正则表达式findall在python3中产生奇怪的结果

Question

I want to find all the docblocks of a string using python. My first attempt was this:

b = re.compile('\/\*(.)*?\*/', re.M|re.S)
match = b.search(string)
print(match.group(0))

And that worked, but as you'll notice yourself: it'll only print out 1 docblock, not all of them.

So I wanted to use the findall function, which says it would output all the matches, like this:

b = re.compile('\/\*(.)*?\*/', re.M|re.S)
match = b.findall(string)
print(match)

But I never get anything useful, only these kinds of arrays:

[' ', ' ', ' ', '\t', ' ', ' ', ' ', ' ', ' ', '\t', ' ', ' ', ' ']

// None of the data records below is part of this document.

Lemma turan_graph_clique_free : 0 < r -> count_copies (complete_graph r.+1) (turan_graph r n) = 0.
Proof.
move=> r_gt0; apply/eqP; rewrite cards_eq0; apply/eqP/setP => -[U F]; rewrite !inE /=.
apply/negP => /and3P[FE /forall_inP FU /(iso_toP _ FU)[f [f_inj _ eF]]].
have res_inj : injective (fun i => Ordinal (ltn_pmod (f i) r_gt0)).
  move=> i j /(congr1 val) /= res_ij; apply/eqP/negPn/negP => ij.
  have : [set f i; f j] \in turan_graph r n.
    have -> : [set f i; f j] = f @: [set i; j] by rewrite imsetU1 imset_set1.
    apply: (subsetP FE); rewrite eF.
    by apply: imset_f; rewrite inE cards2 ij.
  by rewrite mem_turan_graph res_ij eqxx.
by have := leq_card _ res_inj; rewrite !card_ord ltnn.
Qed.

End TuranGraph.

Lemma sum_mod3 n (F : nat -> nat) :
  \sum_(i < n) F (i %% 3) = (n + 2) %/ 3 * F 0 + (n + 1) %/ 3 * F 1 + n %/ 3 * F 2.
Proof.
elim: n => [|n IH]; first by rewrite big_ord0.
rewrite big_ord_recr /= IH.
move: (divn_eq n 3) (ltn_pmod n (isT : 0 < 3)); set m := n %/ 3.
case: (n %% 3) => [|[|[|//]]] -> _; nia.
Qed.

Lemma card_mod3_class n k : k < 3 -> #|[set u : 'I_n | u %% 3 == k]| = (n + 2 - k) %/ 3.
Proof.
move=> k_lt3; rewrite -sum1_card big_mkcond /=.
rewrite (eq_bigr (fun u : 'I_n => nat_of_bool (u %% 3 == k))) => [|u _]; last first.
  by rewrite inE; case: (_ == _).
rewrite (sum_mod3 n (fun j => nat_of_bool (j == k))); case: k k_lt3 => [|[|[|//]]] _ /=; lia.
Qed.

Lemma turan_graph3_stars n :
  count_copies star4 (turan_graph 3 n) = tripartite_stars ((n + 2) %/ 3) ((n + 1) %/ 3) (n %/ 3).
Proof.
rewrite count_star4 ?turan_graph_simple //.
have deg v : #|neighbours (turan_graph 3 n) v| = n - (n + 2 - v %% 3) %/ 3.
  have -> : neighbours (turan_graph 3 n) v = ~: [set u : 'I_n | u %% 3 == v %% 3].
    by apply/setP => u; rewrite [u \in neighbours _ _]inE mem_turan_graph !inE eq_sym.
  by rewrite cardsCs setCK card_ord card_mod3_class // ltn_pmod.
rewrite (eq_bigr _ (fun v _ => congr1 (binomial^~ 3) (deg v))).
rewrite (sum_mod3 n (fun k => 'C(n - (n + 2 - k) %/ 3, 3))) /tripartite_stars.
have -> : n - (n + 2 - 0) %/ 3 = (n + 1) %/ 3 + n %/ 3 by lia.
have -> : n - (n + 2 - 1) %/ 3 = (n + 2) %/ 3 + n %/ 3 by lia.
by have -> : n - (n + 2 - 2) %/ 3 = (n + 2) %/ 3 + (n + 1) %/ 3 by lia.
Qed.

Theorem proposition3p12 :
  exists n0 : nat, forall n : nat, n0 <= n ->
    gen_ex n star4 (complete_graph 4) = count_copies star4 (turan_graph 3 n).
Proof.
exists 0 => n _; apply/eqP; rewrite eqn_leq; apply/andP; split.
- apply/bigmax_leqP => E /andP[simpleE /eqP K4freeE].
  have [p [q [r [sum_n le_pqr]]]] := K4_free_sum_binom3_le simpleE K4freeE.
  rewrite count_star4 // turan_graph3_stars; apply: leq_trans le_pqr _.
  by apply: tripartite_stars_le_balanced; rewrite sum_n card_ord.
- rewrite /gen_ex; apply: (leq_bigmax_cond (F := fun E => count_copies star4 E)).
  by rewrite turan_graph_simple turan_graph_clique_free.
Qed.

The documentation does say it'll return empty strings, but I don't know how this can be useful.

Answer 1

您需要在捕获组中移动量化器：

b = re.compile('\/\*(.*?)\*/', re.M|re.S)

Answer 2

To expand a bit on Rohit Jain's (correct) answer, with the qualifier outside the parentheses you're saying "match (non-greedily) any number of the one character inside the parens, and capture that one character". In other words, it would match " " or "aaaaaa", but in "abcde" it would only match the "a". (And since it's non-greedy, even in "aaaaaa" it would only match a single "a"). By moving the qualifier inside the parens (that is, (.*?) instead of what you had before) you're now saying "match any number of characters, and capture all of them".

I hope this helps you understand what's going on a bit better.